## Exercise:
Repeat exactly the lines of the entries below from the one with "Cmod (Cminus (f" through the one with "Monoid.isAddLaw.Build C Cmult", both ends included, and nothing else.

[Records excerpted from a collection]
(* Let $0<\alpha<\eta$ with $\alpha\notin\mathbb N$. Let $D\subseteq\mathbb R^d$ be such that for all $x,y\in D$ with $x\ne y$ it holds $y+\sum_{j=1}^d(\rho_j\,d(x,y))^{\mathfrak s_j}\mathbf e_j\in D$ for all $\rho=(\rho_1,\dots,\rho_d)\in\mathbb N^d$. Assume $U$ is a germ over $D$ with $\|U\|_{G^\eta(D)}+[U]_{G^{\eta,\alpha}(D)}<\infty$. Then for all $R>0$, $$\sup_{x\in D}[U_x]_{C^\alpha(D\cap B_R(x))}\lesssim_{\mathfrak s,d,\eta,\alpha}\big(\|U\|_{G^\eta(D)}+[U]_{G^{\eta,\alpha}(D)}\big)R^{\eta-\alpha}.$$
   Context: Fix a scaling $\mathfrak s\in\mathbb N^d$; $\mathbb N=\{1,2,\dots\}$; for $\beta\in\mathbb N_0^d$, $|\beta|:=\sum_i\mathfrak s_i\beta_i$; $d(x,y):=\sum_i|x_i-y_i|^{1/\mathfrak s_i}$, $B_R(x)$ the open ball for $d$, $\mathcal P_k$ the polynomials $\sum_{|\beta|\le k}c_\beta z^\beta$. A germ over $D$ is a family $U=(U_x)_{x\in D}$ of continuous $U_x:D\to\mathbb C$; $\|U\|_{G^\eta(D)}$ is the infimum of $M>0$ with $|U_x(y)|\le M\,d(x,y)^\eta$ for all $x,y\in D$; $[U]_{G^{\eta,\alpha}(D)}$ is the infimum of $M>0$ such that for all $x,y\in D$ there is $P\in\mathcal P_{\lfloor\eta\rfloor}$ with $|(U_x-U_y-P)(z)|\le M\,d(y,z)^\alpha(d(x,y)+d(y,z))^{\eta-\alpha}$ for all $z\in D$. For $A\subseteq\mathbb R^d$ and a function $f$ on $A$, $[f]_{C^\alpha(A)}$ is the infimum of all $M>0$ such that for every $y\in A$ there is $P\in\mathcal P_{\lfloor\alpha\rfloor}$ with $|f(z)-P(z)|\le M\,d(z,y)^\alpha$ for all $z\in A$. *)

From Stdlib Require Import Reals.
From Coquelicot Require Import Coquelicot.
From mathcomp Require Import ssreflect ssrfun ssrbool eqtype ssrnat seq
  choice fintype finfun bigop.

Set Implicit Arguments.
Unset Strict Implicit.
Unset Printing Implicit Defensive.

Local Open Scope R_scope.

Definition pt (d : nat) := 'I_d -> R.

(* a^b for a >= 0 with the convention 0^b = 0 (only used with b > 0) *)
Definition rpow (a b : R) : R := if Rlt_dec 0 a then Rpower a b else 0.

Definition sdist (d : nat) (s : 'I_d -> nat) (x y : pt d) : R :=
  \big[Rplus/0]_(i < d) rpow (Rabs (x i - y i)) (/ INR (s i)).

Definition sball (d : nat) (s : 'I_d -> nat) (x : pt d) (r : R) (y : pt d) : Prop :=
  sdist s x y < r.

Definition sdeg (d : nat) (s : 'I_d -> nat) (b : 'I_d -> nat) : nat :=
  (\sum_(i < d) s i * b i)%N.

Definition floorR (a : R) : nat := Z.to_nat (Int_part a).

(* Every multi-index
   with |beta| <= k has beta_i <= k (since s_i >= 1), so beta ranges over
   {ffun 'I_d -> 'I_k.+1}; every element of P_k is of the form polyP s k c. *)
Definition polyP (d : nat) (s : 'I_d -> nat) (k : nat)
  (c : {ffun 'I_d -> 'I_k.+1} -> C) (z : pt d) : C :=
  \big[Cplus/RtoC 0]_(b : {ffun 'I_d -> 'I_k.+1} | (sdeg s (fun i => nat_of_ord (b i)) <= k)%N)
     Cmult (c b) (RtoC (\big[Rmult/1]_(i < d) (z i ^ nat_of_ord (b i)))).

Definition germ (d : nat) (s : 'I_d -> nat) (D : pt d -> Prop)
  (U : pt d -> pt d -> C) : Prop :=
  forall x y, D x -> D y -> forall eps, 0 < eps ->
    exists del, 0 < del /\
      forall z, D z -> sdist s y z < del -> Cmod (Cminus (U x z) (U x y)) < eps.

Definition Gnorm (d : nat) (s : 'I_d -> nat) (D : pt d -> Prop) (eta : R)
  (U : pt d -> pt d -> C) : Rbar :=
  Glb_Rbar (fun M => 0 < M /\
    forall x y, D x -> D y -> Cmod (U x y) <= M * rpow (sdist s x y) eta).

Definition Gsemi (d : nat) (s : 'I_d -> nat) (D : pt d -> Prop) (eta alpha : R)
  (U : pt d -> pt d -> C) : Rbar :=
  Glb_Rbar (fun M => 0 < M /\
    forall x y, D x -> D y ->
      exists c : {ffun 'I_d -> 'I_(floorR eta).+1} -> C,
        forall z, D z ->
          Cmod (Cminus (Cminus (U x z) (U y z)) (polyP s c z))
            <= M * rpow (sdist s y z) alpha
                 * rpow (sdist s x y + sdist s y z) (eta - alpha)).

Definition Holder (d : nat) (s : 'I_d -> nat) (A : pt d -> Prop) (alpha : R)
  (f : pt d -> C) : Rbar :=
  Glb_Rbar (fun M => 0 < M /\
    forall y, A y ->
      exists c : {ffun 'I_d -> 'I_(floorR alpha).+1} -> C,
        forall z, A z ->
          Cmod (Cminus (f z) (polyP s c z)) <= M * rpow (sdist s z y) alpha).

From HB Require Import structures.
From Stdlib Require Import Reals Lra Lia ZArith Classical FunctionalExtensionality.
From Coquelicot Require Import Coquelicot.
From mathcomp Require Import ssreflect ssrfun ssrbool eqtype ssrnat seq
  choice fintype finfun bigop.

Set Implicit Arguments.
Unset Strict Implicit.
Unset Printing Implicit Defensive.

Local Open Scope R_scope.

(* Fix x and a point y of B_R(x), and put lam = d(x,y). For y = x the zero
   polynomial works, since |U_x(z)| <= ||U|| d(x,z)^eta. Otherwise let Q in P_k,
   k = floor eta, be the polynomial attached to the pair (x,y) by [U], expanded
   as Q(z) = sum_beta q_beta (z - y)^beta. On the grid
   y + sum_j (rho_j lam)^(s_j) e_j, rho in {1..k+1}^d, which lies in D and at
   distance O(lam) from x and y, Q = (U_x - U_y) - (U_x - U_y - Q) = O(lam^eta);
   inverting the evaluation on this grid (a tensor product of Vandermonde
   systems) gives |q_beta| lam^|beta| = O(lam^eta). The part T of Q of degree
   at most floor alpha is the required approximant:
   U_x - T = (U_x - U_y - Q) + U_y + (Q - T), the first two terms are
   O(R^(eta-alpha) d(y,z)^alpha), and so is every monomial of Q - T, because
   alpha < |beta| <= eta and lam, d(y,z) <= 2R. The norms being infima, the
   estimate is then passed to them up to an arbitrary eps. *)

HB.instance Definition _ := Monoid.isComLaw.Build R 0 Rplus
  (fun x y z => esym (Rplus_assoc x y z)) Rplus_comm Rplus_0_l.
HB.instance Definition _ := Monoid.isComLaw.Build R 1 Rmult
  (fun x y z => esym (Rmult_assoc x y z)) Rmult_comm Rmult_1_l.
HB.instance Definition _ := Monoid.isMulLaw.Build R 0 Rmult Rmult_0_l Rmult_0_r.
HB.instance Definition _ :=
  Monoid.isAddLaw.Build R Rmult Rplus Rmult_plus_distr_r Rmult_plus_distr_l.

HB.instance Definition _ := Monoid.isComLaw.Build C (RtoC 0) Cplus
  Cplus_assoc Cplus_comm Cplus_0_l.
HB.instance Definition _ := Monoid.isComLaw.Build C (RtoC 1) Cmult
  Cmult_assoc Cmult_comm Cmult_1_l.
HB.instance Definition _ := Monoid.isMulLaw.Build C (RtoC 0) Cmult Cmult_0_l Cmult_0_r.
HB.instance Definition _ :=
  Monoid.isAddLaw.Build C Cmult Cplus Cmult_plus_distr_r Cmult_plus_distr_l.

Lemma Rsum_ge0 (I : Type) (r : seq I) (P : pred I) (F : I -> R) :
  (forall i, P i -> 0 <= F i) -> 0 <= \big[Rplus/0]_(i <- r | P i) F i.
Proof. by move=> F_ge0; apply: big_ind => // *; lra. Qed.

Lemma Rsum_le (I : Type) (r : seq I) (P : pred I) (F G : I -> R) :
  (forall i, P i -> F i <= G i) ->
  \big[Rplus/0]_(i <- r | P i) F i <= \big[Rplus/0]_(i <- r | P i) G i.
Proof. by move=> FG; apply: big_ind2 => // *; lra. Qed.

Lemma Rsum_sub (I : Type) (r : seq I) (P : pred I) (F G : I -> R) :
  \big[Rplus/0]_(i <- r | P i) (F i - G i) =
  \big[Rplus/0]_(i <- r | P i) F i - \big[Rplus/0]_(i <- r | P i) G i.
Proof.
elim: r => [|i r IH]; first by rewrite !big_nil; ring.
by rewrite !big_cons; case: (P i); rewrite ?IH; ring.
Qed.

Lemma Rsum_term_le (I : finType) (F : I -> R) i :
  (forall j, 0 <= F j) -> F i <= \big[Rplus/0]_j F j.
Proof.
move=> F_ge0; rewrite (bigD1 i) //=.
have := @Rsum_ge0 _ (index_enum I) (fun j => j != i) F (fun j _ => F_ge0 j); lra.
Qed.

Lemma Rsum_filter_le (I : finType) (P : pred I) (F : I -> R) :
  (forall i, 0 <= F i) -> \big[Rplus/0]_(i | P i) F i <= \big[Rplus/0]_i F i.
Proof.
move=> F_ge0; rewrite big_mkcond /=; apply: Rsum_le => i _.
by case: (P i); [apply: Rle_refl | apply: F_ge0].
Qed.

Lemma Rprod_le (I : Type) (r : seq I) (P : pred I) (F G : I -> R) :
  (forall i, P i -> 0 <= F i <= G i) ->
  0 <= \big[Rmult/1]_(i <- r | P i) F i <= \big[Rmult/1]_(i <- r | P i) G i.
Proof.
move=> FG; apply: (big_ind2 (fun a b => 0 <= a <= b)) => //; first lra.
move=> a1 a2 b1 b2 [? ?] [? ?]; split; first exact: Rmult_le_pos.
exact: Rmult_le_compat.
Qed.

Lemma Rabs_prod (I : Type) (r : seq I) (P : pred I) (F : I -> R) :
  Rabs (\big[Rmult/1]_(i <- r | P i) F i) = \big[Rmult/1]_(i <- r | P i) Rabs (F i).
Proof. by apply: big_morph; [exact: Rabs_mult | exact: Rabs_R1]. Qed.

Lemma Rprod_pow (I : Type) (r : seq I) (P : pred I) (x : R) (F : I -> nat) :
  \big[Rmult/1]_(i <- r | P i) x ^ F i = x ^ (\sum_(i <- r | P i) F i)%N.
Proof.
elim: r => [|i r IH]; first by rewrite !big_nil.
by rewrite !big_cons; case: (P i); rewrite ?IH ?pow_add.
Qed.

Lemma Cmod_sum (I : Type) (r : seq I) (P : pred I) (F : I -> C) :
  Cmod (\big[Cplus/RtoC 0]_(i <- r | P i) F i) <= \big[Rplus/0]_(i <- r | P i) Cmod (F i).
Proof.
elim: r => [|i r IH]; first by rewrite !big_nil Cmod_0; lra.
rewrite !big_cons; case: (P i) => //.
by apply: Rle_trans (Cmod_triangle _ _) _; lra.
Qed.

Lemma RtoC_sum (I : Type) (r : seq I) (P : pred I) (F : I -> R) :
  RtoC (\big[Rplus/0]_(i <- r | P i) F i) = \big[Cplus/RtoC 0]_(i <- r | P i) RtoC (F i).
Proof. by apply: big_morph => // a b; rewrite RtoC_plus. Qed.

Lemma INR_gt0 (n : nat) : (0 < n)%N -> 0 < INR n.
Proof. by move=> /ltP; apply: lt_0_INR. Qed.

Lemma floorR_spec a : 0 <= a -> INR (floorR a) <= a < INR (floorR a) + 1.
Proof.
move=> a_ge0; have [a_ge a_lt] := base_Int_part a.
have Int_gt : (-1 < Int_part a)%Z by apply: lt_IZR; lra.
have Int_ge0 : (0 <= Int_part a)%Z by lia.
by rewrite /floorR INR_IZR_INZ Z2Nat.id //; lra.
Qed.

Lemma Cmod_sub_sub_le a b c : Cmod (Cminus (Cminus a b) c) <= Cmod a + Cmod b + Cmod c.
Proof.
rewrite /Cminus; apply: Rle_trans (Cmod_triangle _ _) _; rewrite Cmod_opp.
by have := Cmod_triangle a (Copp b); rewrite Cmod_opp; lra.
Qed.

## Finished task:
          Cmod (Cminus (f z) (polyP s c z)) <= M * rpow (sdist s z y) alpha).

From HB Require Import structures.
From Stdlib Require Import Reals Lra Lia ZArith Classical FunctionalExtensionality.
From Coquelicot Require Import Coquelicot.
From mathcomp Require Import ssreflect ssrfun ssrbool eqtype ssrnat seq
  choice fintype finfun bigop.

Set Implicit Arguments.
Unset Strict Implicit.
Unset Printing Implicit Defensive.

Local Open Scope R_scope.

(* Fix x and a point y of B_R(x), and put lam = d(x,y). For y = x the zero
   polynomial works, since |U_x(z)| <= ||U|| d(x,z)^eta. Otherwise let Q in P_k,
   k = floor eta, be the polynomial attached to the pair (x,y) by [U], expanded
   as Q(z) = sum_beta q_beta (z - y)^beta. On the grid
   y + sum_j (rho_j lam)^(s_j) e_j, rho in {1..k+1}^d, which lies in D and at
   distance O(lam) from x and y, Q = (U_x - U_y) - (U_x - U_y - Q) = O(lam^eta);
   inverting the evaluation on this grid (a tensor product of Vandermonde
   systems) gives |q_beta| lam^|beta| = O(lam^eta). The part T of Q of degree
   at most floor alpha is the required approximant:
   U_x - T = (U_x - U_y - Q) + U_y + (Q - T), the first two terms are
   O(R^(eta-alpha) d(y,z)^alpha), and so is every monomial of Q - T, because
   alpha < |beta| <= eta and lam, d(y,z) <= 2R. The norms being infima, the
   estimate is then passed to them up to an arbitrary eps. *)

HB.instance Definition _ := Monoid.isComLaw.Build R 0 Rplus
  (fun x y z => esym (Rplus_assoc x y z)) Rplus_comm Rplus_0_l.
HB.instance Definition _ := Monoid.isComLaw.Build R 1 Rmult
  (fun x y z => esym (Rmult_assoc x y z)) Rmult_comm Rmult_1_l.
HB.instance Definition _ := Monoid.isMulLaw.Build R 0 Rmult Rmult_0_l Rmult_0_r.
HB.instance Definition _ :=
  Monoid.isAddLaw.Build R Rmult Rplus Rmult_plus_distr_r Rmult_plus_distr_l.

HB.instance Definition _ := Monoid.isComLaw.Build C (RtoC 0) Cplus
  Cplus_assoc Cplus_comm Cplus_0_l.
HB.instance Definition _ := Monoid.isComLaw.Build C (RtoC 1) Cmult
  Cmult_assoc Cmult_comm Cmult_1_l.
HB.instance Definition _ := Monoid.isMulLaw.Build C (RtoC 0) Cmult Cmult_0_l Cmult_0_r.
HB.instance Definition _ :=
  Monoid.isAddLaw.Build C Cmult Cplus Cmult_plus_distr_r Cmult_plus_distr_l.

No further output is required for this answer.